(* Let $u$ be a fast decreasing distribution on $\mathbb R^D$ (acting on $\mathbb C[\boldsymbol x]$), $\mathcal Q_2\in\mathbb C[\boldsymbol x]$ of degree $m_2$ with $Z(\mathcal Q_2)\cap\operatorname{supp}u=\varnothing$, and $\check u$ a linear functional on $\mathbb C[\boldsymbol x]$ with $\mathcal Q_2\check u=u$; assume $u,\check u$ quasi-definite, and let $R=\langle\check u,P(\boldsymbol x)\chi(\boldsymbol x)^\top\rangle$. Let $k\ge m_2$ and let $\mathcal M_k=\{\boldsymbol\beta_1,\dots,\boldsymbol\beta_r\}$, $r=N_{k-1}-N_{k-m_2-1}$, be a poised set of distinct multi-indices with $|\boldsymbol\beta_i|<k$, i.e. the matrix with block rows $(R_{[l],\boldsymbol\beta_1},\dots,R_{[l],\boldsymbol\beta_r})$, $l=k-m_2,\dots,k-1$, is nonsingular. Then $$\check P_{[k]}(\boldsymbol x)=\Theta_*\begin{pmatrix}R_{[k-m_2],\boldsymbol\beta_1}&\cdots&R_{[k-m_2],\boldsymbol\beta_r}&P_{[k-m_2]}(\boldsymbol x)\\ \vdots&&\vdots&\vdots\\ R_{[k],\boldsymbol\beta_1}&\cdots&R_{[k],\boldsymbol\beta_r}&P_{[k]}(\boldsymbol x)\end{pmatrix},$$ $$\check H_{[k]}\Big(\big(\mathcal Q_2(\boldsymbol\Lambda)\big)_{[k-m_2],[k]}\Big)^\top=\Theta_*\begin{pmatrix}R_{[k-m_2],\boldsymbol\beta_1}&\cdots&R_{[k-m_2],\boldsymbol\beta_r}&H_{[k-m_2]}\\ R_{[k-m_2+1],\boldsymbol\beta_1}&\cdots&R_{[k-m_2+1],\boldsymbol\beta_r}&0\\ \vdots&&\vdots&\vdots\\ R_{[k],\boldsymbol\beta_1}&\cdots&R_{[k],\boldsymbol\beta_r}&0\end{pmatrix},$$ $$\check H_{[k]}=\Theta_*\begin{pmatrix}R_{[k-m_2],\boldsymbol\beta_1}&\cdots&R_{[k-m_2],\boldsymbol\beta_r}&R_{[k-m_2],[k]}\\ \vdots&&\vdots&\vdots\\ R_{[k],\boldsymbol\beta_1}&\cdots&R_{[k],\boldsymbol\beta_r}&R_{[k],[k]}\end{pmatrix}.$$
   Context: $[k]=\{\boldsymbol\alpha\in\mathbb Z_+^D:|\boldsymbol\alpha|=k\}$, $|[k]|=\binom{D+k-1}{k}$, $N_k=\binom{D+k}{D}$, $N_{-1}=0$. Multi-indices ordered by graded lexicographic order; $\chi(\boldsymbol x)$ semi-infinite vector of monomials in that order, blocks $\chi_{[k]}$; semi-infinite matrices have blocks $A_{[k],[l]}\in\mathbb C^{|[k]|\times|[l]|}$; $A_{[l],\boldsymbol\beta}$ is the column of block row $[l]$ indexed by $\boldsymbol\beta$; zero blocks $0$ have the appropriate size. Spectral matrices $(\Lambda_a)_{\boldsymbol\alpha,\boldsymbol\beta}=\delta_{\boldsymbol\alpha+\boldsymbol e_a,\boldsymbol\beta}$, $\mathcal Q_2(\boldsymbol\Lambda)=\mathcal Q_2(\Lambda_1,\dots,\Lambda_D)$. For a linear functional $u$, $\langle Qu,P\rangle:=\langle u,QP\rangle$; moment matrix $G=\langle u,\chi\chi^\top\rangle$; quasi-definite: all block truncations nonsingular, then $G=S^{-1}HS^{-\top}$, $S$ block lower unitriangular, $H$ block diagonal with blocks $H_{[k]}$, monic orthogonal polynomials $P=S\chi$ with blocks $P_{[k]}$; checked symbols refer to $\check u$. Last quasi-determinant: $\Theta_*\begin{pmatrix}A&B\\C&D\end{pmatrix}=D-CA^{-1}B$, the last block row/column being the last displayed ones. *)

From HB Require Import structures.
From mathcomp Require Import all_boot all_order all_algebra.
From mathcomp Require Import reals.
From mathcomp Require Import complex.
From mathcomp Require Import mpoly.

Set Implicit Arguments.
Unset Strict Implicit.
Unset Printing Implicit Defensive.

Import Order.TTheory GRing.Theory Num.Theory.
Local Open Scope ring_scope.

(* Multi-indices alpha in Z_+^D are the monomials 'X_{1..D}; |alpha| = mdeg. *)

(* Lexicographic order (x_1 > x_2 > ... > x_D) used inside a homogeneous
   block: a precedes b iff a = b or, at the first index where they differ,
   a has the larger exponent. *)
Definition lexge (D : nat) (a b : 'X_{1..D}) : bool :=
  (a == b) ||
  [exists i : 'I_D, (b i < a i)%N && [forall j : 'I_D, (j < i)%N ==> (a j == b j)]].

Definition blk (D k : nat) : seq 'X_{1..D} :=
  sort (@lexge D)
    [seq bmnm m | m <- enum {: 'X_{1..D < k.+1}} & mdeg (bmnm m) == k].

Definition grl (D a b : nat) : seq 'X_{1..D} :=
  flatten [seq blk D l | l <- iota a (b - a)].

(* Semi-infinite matrices, indexed by multi-indices. *)
Definition smat (D : nat) (T : Type) := 'X_{1..D} -> 'X_{1..D} -> T.

Definition subml (D : nat) (T : Type) (A : smat D T) (rs cs : seq 'X_{1..D})
  : 'M[T]_(size rs, size cs) :=
  \matrix_(i, j) A (nth 0%MM rs i) (nth 0%MM cs j).

Definition subm (D : nat) (T : Type) (A : smat D T) (rs : seq 'X_{1..D}) (n : nat)
  (beta : 'I_n -> 'X_{1..D}) : 'M[T]_(size rs, n) :=
  \matrix_(i, j) A (nth 0%MM rs i) (beta j).

Definition pcol (D : nat) (T : Type) (P : 'X_{1..D} -> T) (rs : seq 'X_{1..D})
  : 'cV[T]_(size rs) :=
  \col_i P (nth 0%MM rs i).

(* Last quasi-determinant  Theta_* ( A B ; C Dm ) = Dm - C A^{-1} B. *)
Definition qdet (T : comUnitRingType) (r p q : nat) (A : 'M[T]_r) (B : 'M[T]_(r, p))
  (C : 'M[T]_(q, r)) (Dm : 'M[T]_(q, p)) : 'M[T]_(q, p) :=
  Dm - C *m invmx A *m B.

Definition mpC_mx (D : nat) (F : fieldType) (m n : nat) (A : 'M[F]_(m, n))
  : 'M[{mpoly F[D]}]_(m, n) :=
  map_mx (fun c : F => c%:MP) A.

Definition lin_fun (D : nat) (F : fieldType) (u : {mpoly F[D]} -> F) : Prop :=
  forall (c : F) (p q : {mpoly F[D]}), u (c *: p + q) = c * u p + u q.

Definition mom (D : nat) (F : fieldType) (u : {mpoly F[D]} -> F) : smat D F :=
  fun a b => u ('X_[a] * 'X_[b]).

Definition quasidef (D : nat) (F : fieldType) (u : {mpoly F[D]} -> F) : Prop :=
  forall k : nat, \det (subml (mom u) (grl D 0 k.+1) (grl D 0 k.+1)) != 0.

Definition block_lower_unitri (D : nat) (F : fieldType) (S : smat D F) : Prop :=
  forall a b : 'X_{1..D},
    ((mdeg a < mdeg b)%N -> S a b = 0) /\
    (mdeg a = mdeg b -> S a b = (a == b)%:R).

Definition block_diag (D : nat) (F : fieldType) (H : smat D F) : Prop :=
  forall a b : 'X_{1..D}, mdeg a != mdeg b -> H a b = 0.

(* Gauss--Borel factorization G = S^{-1} H S^{-T}, written (S lower
   unitriangular, hence invertible) as S G S^T = H; all sums are finite since
   S a c = 0 for |c| > |a|. *)
Definition GB_fact (D : nat) (F : fieldType) (G S H : smat D F) : Prop :=
  [/\ block_lower_unitri S, block_diag H &
      forall a b : 'X_{1..D},
        \sum_(c <- grl D 0 (mdeg a).+1) \sum_(d <- grl D 0 (mdeg b).+1)
          S a c * G c d * S b d = H a b].

Definition opoly (D : nat) (F : fieldType) (S : smat D F) (a : 'X_{1..D})
  : {mpoly F[D]} :=
  \sum_(c <- grl D 0 (mdeg a).+1) S a c *: 'X_[c].

Definition Rmat (D : nat) (F : fieldType) (uc : {mpoly F[D]} -> F) (S : smat D F)
  : smat D F :=
  fun a b => uc (opoly S a * 'X_[b]).

(* Q(Lambda) = sum_m Q_m Lambda^m, with (Lambda^m)_{a,b} = delta_{a+m,b}. *)
Definition QLam (D : nat) (F : fieldType) (Q : {mpoly F[D]}) : smat D F :=
  fun a b => \sum_(m <- msupp Q) Q@_m * ((a + m)%MM == b)%:R.

(* Last block column ( H_[k-m2] ; 0 ; ... ; 0 ) of the second formula. *)
Definition Hlast (D : nat) (F : fieldType) (H : smat D F) (k m2 : nat) : smat D F :=
  fun a b => if mdeg a == (k - m2)%N then H a b else 0.

(* For |a| = k, the polynomial P̌_a - P_a has degree < k and, since u = Q2 ǔ,
   it is u-orthogonal to every monomial of degree < k - m2: by
   quasi-definiteness of u it is a combination of the P_c with
   k - m2 <= |c| < k.  The poised monomials x^β_j determine the coefficients,
   namely minus the rows of R_{[k],β} (R_{[k-m2..k-1],β})^{-1}, which is the first formula.
   Pairing it with x^b, |b| = k, under ǔ gives Ȟ_[k] (third formula); pairing
   it with x^y, |y| = k - m2, under u = Q2 ǔ gives Ȟ_[k] Q2(Λ)^T (second). *)

From HB Require Import structures.
From mathcomp Require Import all_boot all_order all_algebra.
From mathcomp Require Import reals complex mpoly.
From mathcomp Require Import zify.

Set Implicit Arguments.
Unset Strict Implicit.
Unset Printing Implicit Defensive.

Import Order.TTheory GRing.Theory Num.Theory.
Local Open Scope ring_scope.

Section Blocks.
Variable D : nat.
Implicit Types m : 'X_{1..D}.

Lemma mem_blk k m : (m \in blk D k) = (mdeg m == k).
Proof.
rewrite /blk mem_sort; apply/mapP/idP => [[x] | /eqP mk].
  by rewrite mem_filter => /andP[mk _] ->.
have lt_mk : (mdeg m < k.+1)%N by rewrite mk.
by exists (BMultinom lt_mk); rewrite // mem_filter /= mk eqxx mem_enum.
Qed.

Lemma uniq_blk k : uniq (blk D k).
Proof.
rewrite /blk sort_uniq map_inj_uniq; last by move=> x y; apply: val_inj.
exact/filter_uniq/(enum_uniq (pred_of_simpl predT)).
Qed.

Lemma mem_grl a b m : (m \in grl D a b) = (a <= mdeg m < b)%N.
Proof.
rewrite /grl; apply/flattenP/idP => [[s /mapP[l]] | /andP[am mb]].
  by rewrite mem_iota => /andP[al lb] -> /[!mem_blk] /eqP ->; apply/andP; split; lia.
exists (blk D (mdeg m)); last by rewrite mem_blk.
by apply/mapP; exists (mdeg m); rewrite // mem_iota am /=; lia.
Qed.

Lemma uniq_grl a b : uniq (grl D a b).
Proof.
rewrite /grl; move: (b - a)%N => n; elim: n a => [|n IH] a //=.
rewrite cat_uniq uniq_blk IH andbT /=; apply/hasPn => m.
move=> /flattenP[s /mapP[l]]; rewrite mem_iota => /andP[al _] ->.
by rewrite !mem_blk => /eqP ->; rewrite neq_ltn al orbT.
Qed.

Lemma grl_cat a b c : (a <= b <= c)%N -> grl D a c = grl D a b ++ grl D b c.
Proof.
move=> /andP[ab bc]; rewrite /grl -flatten_cat -map_cat.
have -> : (c - a = (b - a) + (c - b))%N by lia.
by rewrite iotaD subnKC.
Qed.

Lemma grl0S n : grl D 0 n.+1 = grl D 0 n ++ blk D n.
Proof. by rewrite (@grl_cat 0 n n.+1) ?leqnSn // /grl subSnn /= cats0. Qed.

Lemma mdeg_nth_blk k (i : 'I_(size (blk D k))) : mdeg (nth 0%MM (blk D k) i) = k.
Proof. by apply/eqP; rewrite -mem_blk mem_nth. Qed.

Lemma mdeg_nth_grl a b (j : 'I_(size (grl D a b))) : (a <= mdeg (nth 0%MM (grl D a b) j) < b)%N.
Proof. by rewrite -mem_grl mem_nth. Qed.

End Blocks.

**EXERCISE BRIEF:** Look above for the line with "(* Q(Lambda) = sum_m" and the line with "have lt_mk : (mdeg m < k.+1)%N by rewrite mk."; transcribe both and all lines in between, exactly, and nothing else.

**EXERCISE ANSWER:**
(* Q(Lambda) = sum_m Q_m Lambda^m, with (Lambda^m)_{a,b} = delta_{a+m,b}. *)
Definition QLam (D : nat) (F : fieldType) (Q : {mpoly F[D]}) : smat D F :=
  fun a b => \sum_(m <- msupp Q) Q@_m * ((a + m)%MM == b)%:R.

(* Last block column ( H_[k-m2] ; 0 ; ... ; 0 ) of the second formula. *)
Definition Hlast (D : nat) (F : fieldType) (H : smat D F) (k m2 : nat) : smat D F :=
  fun a b => if mdeg a == (k - m2)%N then H a b else 0.

(* For |a| = k, the polynomial P̌_a - P_a has degree < k and, since u = Q2 ǔ,
   it is u-orthogonal to every monomial of degree < k - m2: by
   quasi-definiteness of u it is a combination of the P_c with
   k - m2 <= |c| < k.  The poised monomials x^β_j determine the coefficients,
   namely minus the rows of R_{[k],β} (R_{[k-m2..k-1],β})^{-1}, which is the first formula.
   Pairing it with x^b, |b| = k, under ǔ gives Ȟ_[k] (third formula); pairing
   it with x^y, |y| = k - m2, under u = Q2 ǔ gives Ȟ_[k] Q2(Λ)^T (second). *)

From HB Require Import structures.
From mathcomp Require Import all_boot all_order all_algebra.
From mathcomp Require Import reals complex mpoly.
From mathcomp Require Import zify.

Set Implicit Arguments.
Unset Strict Implicit.
Unset Printing Implicit Defensive.

Import Order.TTheory GRing.Theory Num.Theory.
Local Open Scope ring_scope.

Section Blocks.
Variable D : nat.
Implicit Types m : 'X_{1..D}.

Lemma mem_blk k m : (m \in blk D k) = (mdeg m == k).
Proof.
rewrite /blk mem_sort; apply/mapP/idP => [[x] | /eqP mk].
  by rewrite mem_filter => /andP[mk _] ->.
have lt_mk : (mdeg m < k.+1)%N by rewrite mk.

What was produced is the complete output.